In fact, the head of treasury of a leading bank recently commented on what is important to them: “I’ll give you the 3 Cs—clear, un-cluttered and concise. We need to know what we have available day to day, and more importantly, in times of market stress.”
For most of the buy side, of course there are going to be exceptions, the challenge isn’t sophisticated optimisation of collateral, but making efficient use of what they’ve got. Getting visibility over what their firms are holding and being able to cope with increasing volumes of calls “without having the operational headaches of volume sensitivity” is among the main priorities.
Many buy-side firms already have assets just sitting around waiting to be used. Asset managers will usually have pools of eligible assets available and corporates and insurers are often long in cash, so the challenge is to efficiently mobilise these assets. Due to the levels of interest rates at the moment and the cheap price of cash, many brokers are pushing their buy-side clients to renegotiate credit support annexes or at least commit to only margining in single currency cash, making optimisation impossible. Therefore, a collated view of collateral pools and where they can be used is much more beneficial than over priced optimisation algorithms.

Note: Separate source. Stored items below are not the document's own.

Lemma big_off2 {V : nmodType} {I : finType} (Q : pred I) (f g : I -> V) (i j : I) :
  i != j -> (forall k, k != i -> k != j -> f k = g k) ->
  (\sum_(k | Q k) f k + ((if Q i then g i else 0) + (if Q j then g j else 0)) =
   \sum_(k | Q k) g k + ((if Q i then f i else 0) + (if Q j then f j else 0)))%R.
Proof.
move=> ij fg; rewrite !(big_mkcond Q) (bigD1 i) //= (bigD1 j) 1?eq_sym //=.
rewrite [in RHS](bigD1 i) //= [in RHS](bigD1 j) 1?eq_sym //=.
rewrite (eq_bigr (fun k => if Q k then g k else 0%R)) => [|k /andP[ki kj]]; last by rewrite fg.
by rewrite (AC ((1*2)*2) ((4*(5*3))*(1*2))).
Qed.

Lemma dvdz_small_eq0 (d x : int) : (0 <= x < d)%R -> (d %| x)%Z -> x = 0.
Proof. by move=> /modz_small xE /dvdz_mod0P; rewrite xE. Qed.

Lemma endcoordE m (k : 'I_m.+2) : endcoord m k = (k == 0 :> nat) || (k == m.+1 :> nat).
Proof. by []. Qed.

Lemma inner_endcoord m (k : 'I_m.+2) : (1 <= k <= m) = ~~ endcoord m k.
Proof. by rewrite endcoordE; have := ltn_ord k; lia. Qed.

Section Znm.
Local Open Scope ring_scope.
Variables n m : nat.
Implicit Types (u : V m) (i j k : 'I_m.+2).

Lemma inZ_inner {u k} : inZ n m u -> ~~ endcoord m k -> u k \in [:: -1; 0; 1].
Proof. by case/andP=> /forallP/(_ k) + _ /negbTE ek; rewrite ek. Qed.

Lemma inZ_end {u k} : inZ n m u -> endcoord m k -> 0 <= u k < n%:Z.
Proof. by case/andP=> /forallP/(_ k) + _ ek; rewrite ek. Qed.

Lemma inZ_sum {u} : inZ n m u -> (n%:Z %| \sum_k u k)%Z.
Proof. by case/andP. Qed.

Lemma inZ_n_gt0 {u} : inZ n m u -> (0 < n)%N.
Proof.
move=> uZ; have /andP[u0 u0n] := inZ_end (k := ord0) uZ isT.
by rewrite -ltz_nat (le_lt_trans u0 u0n).
Qed.

Lemma inZ_abs_le1 {u k} : inZ n m u -> ~~ endcoord m k -> (absz (u k) <= 1)%N.
Proof. by move=> uZ /(inZ_inner uZ); rewrite !inE; lia. Qed.

Lemma inZ_abs1 {u k} : inZ n m u -> ~~ endcoord m k -> u k != 0 -> u k = 1 \/ u k = -1.
Proof. by move=> uZ /(inZ_inner uZ); rewrite !inE => /or3P[] /eqP ->; auto. Qed.

Definition reduce k (x : int) : int := if endcoord m k then (x %% n%:Z)%Z else x.

Lemma reduce_inner k x : ~~ endcoord m k -> reduce k x = x.
Proof. by rewrite /reduce => /negbTE ->. Qed.

Lemma dvdz_reduce_sub k x : (n%:Z %| reduce k x - x)%Z.
Proof.
rewrite /reduce; case: ifP => _; last by rewrite subrr dvdz0.
by rewrite {2}(divz_eq x n%:Z) opprD addrCA subrr addr0 rpredN dvdz_mull.
Qed.

Lemma reduce_end k x : (0 < n)%N -> endcoord m k -> 0 <= reduce k x < n%:Z.
Proof.
move=> n_gt0 ek; have nz : n%:Z != 0 by rewrite eqz_nat -lt0n.
by rewrite /reduce ek modz_ge0 // ltz_mod.
Qed.

Lemma coord_eq_reduce k x a : coord_eq n m k x (reduce k (x + a) - a).
Proof.
rewrite /coord_eq; case: ifP => ek; last by rewrite reduce_inner ?ek // addrK.
rewrite eqz_mod_dvd (_ : x - _ = - (reduce k (x + a) - (x + a))); last by ring.
by rewrite rpredN dvdz_reduce_sub.
Qed.

Definition shift u i j (a : int) : V m :=
  [ffun k => if k == i then reduce i (u i + a)
             else if k == j then reduce j (u j - a) else u k].

Lemma shift_fst u i j a : shift u i j a i = reduce i (u i + a).
Proof. by rewrite ffunE eqxx. Qed.

Lemma shift_snd u i j a : i != j -> shift u i j a j = reduce j (u j - a).
Proof. by rewrite ffunE eq_sym => /negbTE ->; rewrite eqxx. Qed.

Lemma shift_other u i j a k : k != i -> k != j -> shift u i j a k = u k.
Proof. by rewrite ffunE => /negbTE -> /negbTE ->. Qed.

Lemma sum_shift (Q : pred 'I_m.+2) u i j a : i != j ->
  \sum_(k | Q k) shift u i j a k = \sum_(k | Q k) u k
    + ((if Q i then reduce i (u i + a) - u i else 0)
       + (if Q j then reduce j (u j - a) - u j else 0)).
Proof.
move=> ij; apply/(@addIr _ ((if Q i then u i else 0) + (if Q j then u j else 0))).
rewrite big_off2 // => [|k]; last exact: shift_other.
rewrite shift_fst shift_snd // -addrA; congr (_ + _).
by case: (Q i); case: (Q j); rewrite ?addr0 ?add0r ?subrK // addrACA !subrK.
Qed.

Lemma sum_shift_out (Q : pred 'I_m.+2) u i j a : i != j -> ~~ Q i -> ~~ Q j ->
  \sum_(k | Q k) shift u i j a k = \sum_(k | Q k) u k.
Proof. by move=> ij /negbTE Qi /negbTE Qj; rewrite sum_shift // Qi Qj !addr0. Qed.

Lemma sum_shift_inner (Q : pred 'I_m.+2) u i j a : i != j ->
  ~~ endcoord m i -> ~~ endcoord m j ->
  \sum_(k | Q k) shift u i j a k =
  \sum_(k | Q k) u k + ((if Q i then a else 0) + (if Q j then - a else 0)).
Proof.
move=> ij ei ej; rewrite sum_shift // !reduce_inner //.
by congr (_ + (_ + _)); case: ifP => _; rewrite // (addrC (u _)) addrK.
Qed.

Although expensive legacy systems need to sell the idea of optimisation, to justify their existence, we have spoken to a number of buy-side firms and they simply do not want to hear about optimisation when being sold a collateral management solution. They want to get away from sending emails and faxes, using spreadsheets and being completely reactive at managing collateral.
The Emperor’s New Clothes can be likened to the tale of optimisation and its so-called importance. Both are stories about situations where ‘no one believes, but everyone believes that everyone else believes’.